Trust, once cracked, never quite fit together the same way again.
Afternoon brought training.
Nathan gathered everyone near the boulders. The survivors were battered—exhausted from gravity, grief from Ramirez, Emma and Elliot, fear from the raptors.
“We’re not dying like this,” Nathan said. “This planet wants us dead. We fight back by getting stronger.”
He demonstrated first: slow squats, controlled lunges, push-ups that made shoulders scream. The gravity turned every rep into torture.
“Focus on breathing,” he said. “In through nose, out through mouth. Feel the weight. Use it.”
Michael joined in. His body adapted faster—Kevin’s influence, or something deeper. Muscles burned, but the burn felt… productive.
Sarah struggled. Jason nearly collapsed after five push-ups. Reinhardt moved like the gravity didn’t touch him.
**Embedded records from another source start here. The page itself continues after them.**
(* Shifted step-line (j,0): p_{2n+j} = P_{n+j,n}, p_{2n+j+1} = P_{n+j+1,n},
   and p_i = 0 for i < j. *)
Definition stepJ (R : ringType) (P : nat -> nat -> {poly R}) (j i : nat) : {poly R} :=
  if (i < j)%N then 0 else
  let t := (i - j)%N in
  if odd t then P (t./2 + j).+1 t./2 else P (t./2 + j)%N t./2.

(* Shifted step-line (0,k): p_{2n+k} = P_{n,n+k}, p_{2n+k+1} = P_{n+1,n+k}
   (n >= -1, with P_{-1,.} = 0), and p_i = 0 below index k-2. *)
Definition stepK (R : ringType) (P : nat -> nat -> {poly R}) (k i : nat) : {poly R} :=
  if (i + 2 <= k)%N then 0 else
  let t := (i + 2 - k)%N in
  if odd t then P t./2 (t./2 + k).-1 else P t./2.-1 (t./2 + k).-1.

Definition back (R : ringType) (p : nat -> {poly R}) (i r : nat) : {poly R} :=
  if (r <= i)%N then p (i - r)%N else 0.

From HB Require Import structures.
From mathcomp Require Import all_boot all_order all_algebra.
From mathcomp Require Import all_classical all_reals all_analysis.
From mathcomp Require Import ring zify.
Import Order.TTheory GRing.Theory Num.Theory.
Set Implicit Arguments. Unset Strict Implicit. Unset Printing Implicit Defensive.
Local Open Scope ring_scope.

(* Subtracting the two nearest neighbour relations gives
   P_{n+1,m} - P_{n,m+1} = (d_{n,m} - c_{n,m}) P_{n,m}, and normality forces
   d_{n,m} - c_{n,m} <> 0: otherwise P_{n+1,m+1} + P_{n+1,m} would be a second
   multiple orthogonal polynomial of index (n+1,m+1).
   A step-line recurrence read at an even index expresses x P_{n+1,m+1} in the
   four consecutive step-line polynomials P_{n+2,m+1}, P_{n+1,m+1}, P_{n+1,m},
   P_{n,m}.  Rewriting the nearest neighbour relation in the same basis (monic,
   of strictly decreasing degrees) and comparing coordinates identifies the
   step-line coefficients with c, a + b and -a (d - c).  The formula for
   a_{n+j,n} also needs the compatibility relation
   a_{n+1,m+1} (d - c)_{n,m} = (d - c)_{n+1,m} a_{n+1,m}. *)

Section PolySize.
Variable R : nzRingType.
Implicit Types (p q r : {poly R}) (s : nat).

Lemma size_polyD_le p q s :
  (size p <= s)%N -> (size q <= s)%N -> (size (p + q)%R <= s)%N.
Proof. by move=> hp hq; apply: leq_trans (size_polyD p q) _; rewrite geq_max hp hq. Qed.

Lemma size_scale_le (x : R) p s : (size p <= s)%N -> (size (x *: p) <= s)%N.
Proof. exact: leq_trans (size_scale_leq _ _). Qed.

Lemma scale_add_coef_eq0 s (x : R) p r :
  p`_s = 1 -> (size r <= s)%N -> (size (x *: p + r)%R <= s)%N -> x = 0.
Proof.
move=> ps1 /leq_sizeP rs0 /leq_sizeP/(_ s (leqnn s)).
by rewrite coefD coefZ ps1 mulr1 rs0 // addr0.
Qed.

Lemma scale_add_eq0 s (x : R) p r :
  p`_s = 1 -> (size r <= s)%N -> x *: p + r = 0 -> x = 0 /\ r = 0.
Proof.
move=> ps1 rs E; have x0 : x = 0 by apply: scale_add_coef_eq0 ps1 rs _; rewrite E size_poly0.
by split=> //; move: E; rewrite x0 scale0r add0r.
Qed.

End PolySize.

Lemma eq0_of_eq_sub (V : zmodType) (u v t : V) : u = v -> t = u - v -> t = 0.
Proof. by move=> -> ->; rewrite subrr. Qed.

Section Orthogonality.
Variables (R : realType) (mu1 mu2 : {measure set (measurableTypeR R) -> \bar R}).
Hypotheses (fm1 : finite_moments mu1) (fm2 : finite_moments mu2).

Lemma horner_integrable (mu : {measure set (measurableTypeR R) -> \bar R})
    (p : {poly R}) :
  finite_moments mu -> mu.-integrable setT (fun x : R => (p.[x])%:E).
Proof.
move=> fm; apply: (@eq_integrable _ _ _ mu _ measurableT
  (fun x : R => (\sum_(i < size p) (p`_i)%:E * (x ^+ i)%:E)%E)).
  by move=> x _; rewrite horner_coef -sumEFin; apply: eq_bigr => i _; rewrite EFinM.
by apply: (integrable_sum measurableT) => i _; apply: (integrableZl measurableT).
Qed.

Lemma moment_integralD (mu : {measure set (measurableTypeR R) -> \bar R})
    (p q : {poly R}) k :
  finite_moments mu ->
  (\int[mu]_x ((x ^+ k * (p + q).[x])%:E) =
   \int[mu]_x ((x ^+ k * p.[x])%:E) + \int[mu]_x ((x ^+ k * q.[x])%:E))%E.
Proof.
move=> fm.
have int r : mu.-integrable setT (fun x : R => (x ^+ k * r.[x])%:E).
  apply: (@eq_integrable _ _ _ mu _ measurableT (fun x : R => (('X^k * r).[x])%:E)).
    by move=> x _; rewrite hornerM hornerXn.
  exact: horner_integrable.
rewrite -(integralD measurableT (int p) (int q)); apply: eq_integral => x _.
by rewrite hornerD mulrDr EFinD.
Qed.

Lemma is_MOP_addr n m (Q S : {poly R}) :
  is_MOP mu1 mu2 n m Q -> (size S < size Q)%N ->
  (forall k, (k < n)%N -> (\int[mu1]_x ((x ^+ k * S.[x])%:E) = 0)%E) ->
  (forall k, (k < m)%N -> (\int[mu2]_x ((x ^+ k * S.[x])%:E) = 0)%E) ->
  is_MOP mu1 mu2 n m (Q + S).
Proof.
move=> [/monicP Q_monic Q_size Q_orth1 Q_orth2] SQ S_orth1 S_orth2; split.
- by apply/monicP; rewrite lead_coefDl.
- by rewrite size_polyDl.
- by move=> k kn; rewrite moment_integralD // Q_orth1 // S_orth1 // adde0.
- by move=> k km; rewrite moment_integralD // Q_orth2 // S_orth2 // adde0.
Qed.

Lemma MOP_succ_neq (P : nat -> nat -> {poly R}) n m :
  normal_system mu1 mu2 -> (forall n m, is_MOP mu1 mu2 n m (P n m)) ->
  P n.+1 m != P n m.+1.
Proof.
move=> normal MOP; apply/eqP => Peq.
have size_P k l : size (P k l) = (k + l).+1 by case: (MOP k l).
have MOP' : is_MOP mu1 mu2 n.+1 m.+1 (P n.+1 m.+1 + P n.+1 m).
  apply: is_MOP_addr (MOP _ _) _ _ _; first by rewrite !size_P addnS.
    by case: (MOP n.+1 m).
  by rewrite Peq; case: (MOP n m.+1).
have [Q [_ Q_unique]] := normal n.+1 m.+1.
have P0 : P n.+1 m = 0.
  by apply: (@addrI _ (P n.+1 m.+1)); rewrite addr0 -(Q_unique _ MOP') (Q_unique _ (MOP _ _)).
by have := size_P n.+1 m; rewrite P0 size_poly0.
Qed.

End Orthogonality.

Section StepLineIndex.
Variables (R : nzRingType) (P : nat -> nat -> {poly R}).

Lemma stepJ_even j n i : i = (2 * n + j)%N -> stepJ P j i = P (n + j)%N n.
Proof.
move=> ->; rewrite /stepJ ltnNge leq_addl /= addnK mul2n odd_double /=.
by rewrite doubleK.
Qed.

Lemma stepJ_odd j n i : i = (2 * n + j).+1%N -> stepJ P j i = P (n + j).+1 n.
Proof.
move=> ->; rewrite /stepJ ltnNge (leq_trans (leq_addl _ _) (leqnSn _)) /=.
by rewrite -addSn addnK mul2n /= odd_double /= uphalf_double.
Qed.

Lemma stepK_even k n i : i = (2 * n + k)%N -> stepK P k i = P n (n + k)%N.
Proof.
move=> ->; rewrite /stepK mul2n.
have -> : (n.*2 + k + 2 <= k)%N = false by rewrite -addnn; lia.
have -> : (n.*2 + k + 2 - k)%N = (n.+1).*2 by rewrite -!addnn; lia.
by rewrite odd_double doubleK.
Qed.

Lemma stepK_odd k n i : i = (2 * n + k).+1%N -> stepK P k i = P n.+1 (n + k)%N.
Proof.
move=> ->; rewrite /stepK mul2n.
have -> : ((n.*2 + k).+1 + 2 <= k)%N = false by rewrite -addnn; lia.
have -> : ((n.*2 + k).+1 + 2 - k)%N = (n.+1).*2.+1 by rewrite -!addnn; lia.
by rewrite /= odd_double /= uphalf_double.
Qed.

Lemma backE (p : nat -> {poly R}) i r : (r <= i)%N -> back p i r = p (i - r)%N.
Proof. by rewrite /back => ->. Qed.

Lemma stepJ_rec_stair j n (x y z : R) (i := (2 * n.+1 + j)%N) :
  'X * stepJ P j i = stepJ P j i.+1 + x *: stepJ P j i
    + y *: back (stepJ P j) i 1 + z *: back (stepJ P j) i 2 ->
  'X * P (n + j).+1 n.+1 =
    P (n + j).+2 n.+1 + x *: P (n + j).+1 n.+1 + y *: P (n + j).+1 n + z *: P (n + j)%N n.
Proof.
rewrite /i !backE; try lia.
rewrite (stepJ_odd (n := n) (i := (2 * n.+1 + j - 1)%N)); last lia.
rewrite (stepJ_even (n := n) (i := (2 * n.+1 + j - 2)%N)); last lia.
by rewrite (stepJ_even (n := n.+1)) // (stepJ_odd (n := n.+1)) // addSn.
Qed.

Lemma stepK_rec_stair k n (x y z : R) (i := (2 * n.+1 + k)%N) :
  'X * stepK P k i = stepK P k i.+1 + x *: stepK P k i
    + y *: back (stepK P k) i 1 + z *: back (stepK P k) i 2 ->
  'X * P n.+1 (n + k).+1 =
    P n.+2 (n + k).+1 + x *: P n.+1 (n + k).+1 + y *: P n.+1 (n + k)%N + z *: P n (n + k)%N.
Proof.
rewrite /i !backE; try lia.
rewrite (stepK_odd (n := n) (i := (2 * n.+1 + k - 1)%N)); last lia.
rewrite (stepK_even (n := n) (i := (2 * n.+1 + k - 2)%N)); last lia.
by rewrite (stepK_even (n := n.+1)) // (stepK_odd (n := n.+1)) // addSn.
Qed.

End StepLineIndex.

Section NearestNeighbour.
Variables (R : fieldType) (P : nat -> nat -> {poly R}) (a b c d : nat -> nat -> R).
Hypothesis size_P : forall n m, size (P n m) = (n + m).+1.
Hypothesis P_monic : forall n m, P n m \is monic.
Hypothesis nn1 : forall n m, 'X * P n m =
  P n.+1 m + c n m *: P n m + a n m *: Pdn P n m + b n m *: Pdm P n m.
Hypothesis nn2 : forall n m, 'X * P n m =
  P n m.+1 + d n m *: P n m + a n m *: Pdn P n m + b n m *: Pdm P n m.

Lemma coef_P_top n m : (P n m)`_(n + m) = 1.
Proof. by have /monicP := P_monic n m; rewrite lead_coefE size_P. Qed.

Lemma size_P_le n m s : (n + m < s)%N -> (size (P n m) <= s)%N.
Proof. by rewrite size_P. Qed.

Lemma size_Pdn n m : (size (Pdn P n m) <= n + m)%N.
Proof. by case: n => [|n]; rewrite /Pdn ?size_poly0 ?size_P_le. Qed.

Lemma size_Pdm n m : (size (Pdm P n m) <= n + m)%N.
Proof. by case: m => [|m]; rewrite /Pdm ?size_poly0 ?size_P_le ?addnS. Qed.

Lemma P_scale_add_eq0 n m (x : R) (r : {poly R}) :
  x *: P n m + r = 0 -> (size r <= n + m)%N -> x = 0 /\ r = 0.
Proof. by move=> E rs; apply: scale_add_eq0 (coef_P_top n m) rs E. Qed.

Lemma P_scale_eq0 n m (x : R) : x *: P n m = 0 -> x = 0.
Proof.
by move=> E; have [] := P_scale_add_eq0 (etrans (addr0 _) E); rewrite ?size_poly0.
Qed.

Ltac size_combination :=
  repeat first [apply: size_polyD_le | apply: size_scale_le];
  apply: size_P_le; lia.

Lemma nn_shift n m : P n.+1 m = P n m.+1 + (d n m - c n m) *: P n m.
Proof.
have := nn1 n m; rewrite nn2 => e.
by apply/subr0_eq/(eq0_of_eq_sub (esym e)); rewrite -!mul_polyC; ring.
Qed.

Lemma nn_shift_down n m : P n m.+1 = P n.+1 m - (d n m - c n m) *: P n m.
Proof. by rewrite nn_shift addrK. Qed.

Lemma nn_shift_coef n m (k : R) :
  P n.+1 m - P n m.+1 = k *: P n m -> k = d n m - c n m.
Proof.
move=> E; apply/subr0_eq/(@P_scale_eq0 n m).
by rewrite scalerBl -E nn_shift (addrC (P n m.+1)) addrK subrr.
Qed.

Lemma nn_coef_c n m (x : R) :
  (size ('X * P n m - P n.+1 m - x *: P n m)%R <= n + m)%N -> c n m = x.
Proof.
have -> : 'X * P n m - P n.+1 m - x *: P n m =
    (c n m - x) *: P n m + (a n m *: Pdn P n m + b n m *: Pdm P n m).
  by rewrite nn1 -!mul_polyC; ring.
move=> hs; apply/subr0_eq/(scale_add_coef_eq0 (coef_P_top n m) _ hs).
by apply: size_polyD_le; apply: size_scale_le; rewrite ?size_Pdn ?size_Pdm.
Qed.

Lemma nn_stair_coefs n m (x y z : R) :
  'X * P n.+1 m.+1 = P n.+2 m.+1 + x *: P n.+1 m.+1 + y *: P n.+1 m + z *: P n m ->
  [/\ c n.+1 m.+1 = x, y = a n.+1 m.+1 + b n.+1 m.+1 &
      z = - a n.+1 m.+1 * (d n m - c n m)].
Proof.
rewrite nn1 /Pdn /Pdm /= (nn_shift_down n m) => e.
have E : (c n.+1 m.+1 - x) *: P n.+1 m.+1 + ((a n.+1 m.+1 + b n.+1 m.+1 - y) *: P n.+1 m
    + (- a n.+1 m.+1 * (d n m - c n m) - z) *: P n m) = 0.
  by apply: (eq0_of_eq_sub e); rewrite -!mul_polyC; ring.
have [cx {}E] := P_scale_add_eq0 E ltac:(size_combination).
have [yab /P_scale_eq0 zab] := P_scale_add_eq0 E ltac:(size_combination).
by split; [exact: subr0_eq | apply/esym/subr0_eq ..].
Qed.

Hypothesis nn_gap_neq0 : forall n m, d n m - c n m != 0.

(* Multiply the shift identity for (n+1,m) by x and expand both sides in the
   basis P_{n+2,m}, P_{n+1,m}, P_{n,m}, P_{n,m-1}.  For m > 0 the last
   coordinate gives the analogous relation for b, which turns the coordinate of
   P_{n,m} into this one; for m = 0 that coordinate is already this one. *)
Lemma nn_compat n m :
  a n.+1 m.+1 * (d n m - c n m) = (d n.+1 m - c n.+1 m) * a n.+1 m.
Proof.
have e : 'X * P n.+2 m - 'X * P n.+1 m.+1 = (d n.+1 m - c n.+1 m) *: ('X * P n.+1 m).
  by rewrite -mulrBr (nn_shift n.+1 m) addrAC subrr add0r scalerAr.
rewrite (nn2 n.+2 m) (nn1 n.+1 m.+1) (nn1 n.+1 m) /Pdn /= in e.
rewrite (nn_shift_down n.+1 m) (nn_shift_down n m) in e.
set D := fun k l => d k l - c k l.
case: m e => [|m] e.
  rewrite /Pdm /= !scaler0 !addr0 in e.
  have E : (d n.+2 0 - c n.+1 1 - D n.+1 0) *: P n.+2 0
      + ((a n.+2 0 + c n.+1 1 * D n.+1 0 - a n.+1 1 - b n.+1 1 - D n.+1 0 * c n.+1 0)
           *: P n.+1 0
      + (a n.+1 1 * D n 0 - D n.+1 0 * a n.+1 0) *: P n 0) = 0.
    by apply: (eq0_of_eq_sub e); rewrite /D -!mul_polyC; ring.
  have [_ {}E] := P_scale_add_eq0 E ltac:(size_combination).
  have [_ /P_scale_eq0] := P_scale_add_eq0 E ltac:(size_combination).
  exact: subr0_eq.
rewrite /Pdm /= (nn_shift n.+1 m) (nn_shift n m) in e.
have E : (d n.+2 m.+1 - c n.+1 m.+2 - D n.+1 m.+1) *: P n.+2 m.+1
    + ((a n.+2 m.+1 + b n.+2 m.+1 + c n.+1 m.+2 * D n.+1 m.+1 - a n.+1 m.+2
          - b n.+1 m.+2 - D n.+1 m.+1 * c n.+1 m.+1) *: P n.+1 m.+1
    + ((b n.+2 m.+1 * D n.+1 m + a n.+1 m.+2 * D n m.+1
          - D n.+1 m.+1 * (a n.+1 m.+1 + b n.+1 m.+1)) *: P n m.+1
    + ((b n.+2 m.+1 * D n.+1 m - D n.+1 m.+1 * b n.+1 m.+1) * D n m) *: P n m)) = 0.
  by apply: (eq0_of_eq_sub e); rewrite /D -!mul_polyC; ring.
have [_ {}E] := P_scale_add_eq0 E ltac:(size_combination).
have [_ {}E] := P_scale_add_eq0 E ltac:(size_combination).
have [E1 /P_scale_eq0/eqP] := P_scale_add_eq0 E ltac:(size_combination).
rewrite mulf_eq0 (negbTE (nn_gap_neq0 n m)) orbF => /eqP E2.
by apply/subr0_eq; rewrite -(subr0 0) -{1}E1 -E2 /D; ring.
Qed.

Lemma nn_gap_eq0 n m : (d n m - c n m == 0) = (P n.+1 m == P n m.+1).
Proof.
rewrite nn_shift -[RHS]subr_eq0 addrAC subrr add0r scaler_eq0.
by rewrite -size_poly_eq0 size_P orbF.
Qed.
Nathan walked among them, correcting form, offering quiet encouragement. When he reached Jessica—a SWAT member with short-cropped hair and steady eyes—he paused longer.
“You’ve got this,” he said softly.
She met his gaze for a heartbeat longer than necessary.
Michael noticed.
He didn’t say anything.
Another day bled into dusk.
The camp was quieter now. Fewer jokes. More glances over shoulders.
Michael woke from a half-sleep—Kevin had let him drift for twenty minutes, a mercy. He sat up and froze.
Blood.
Thin trails of it circled the camp. Not pools—deliberate smears. Dragged lines across boulders. Scratches gouged into stone—three parallel marks, deep enough to fit fingers.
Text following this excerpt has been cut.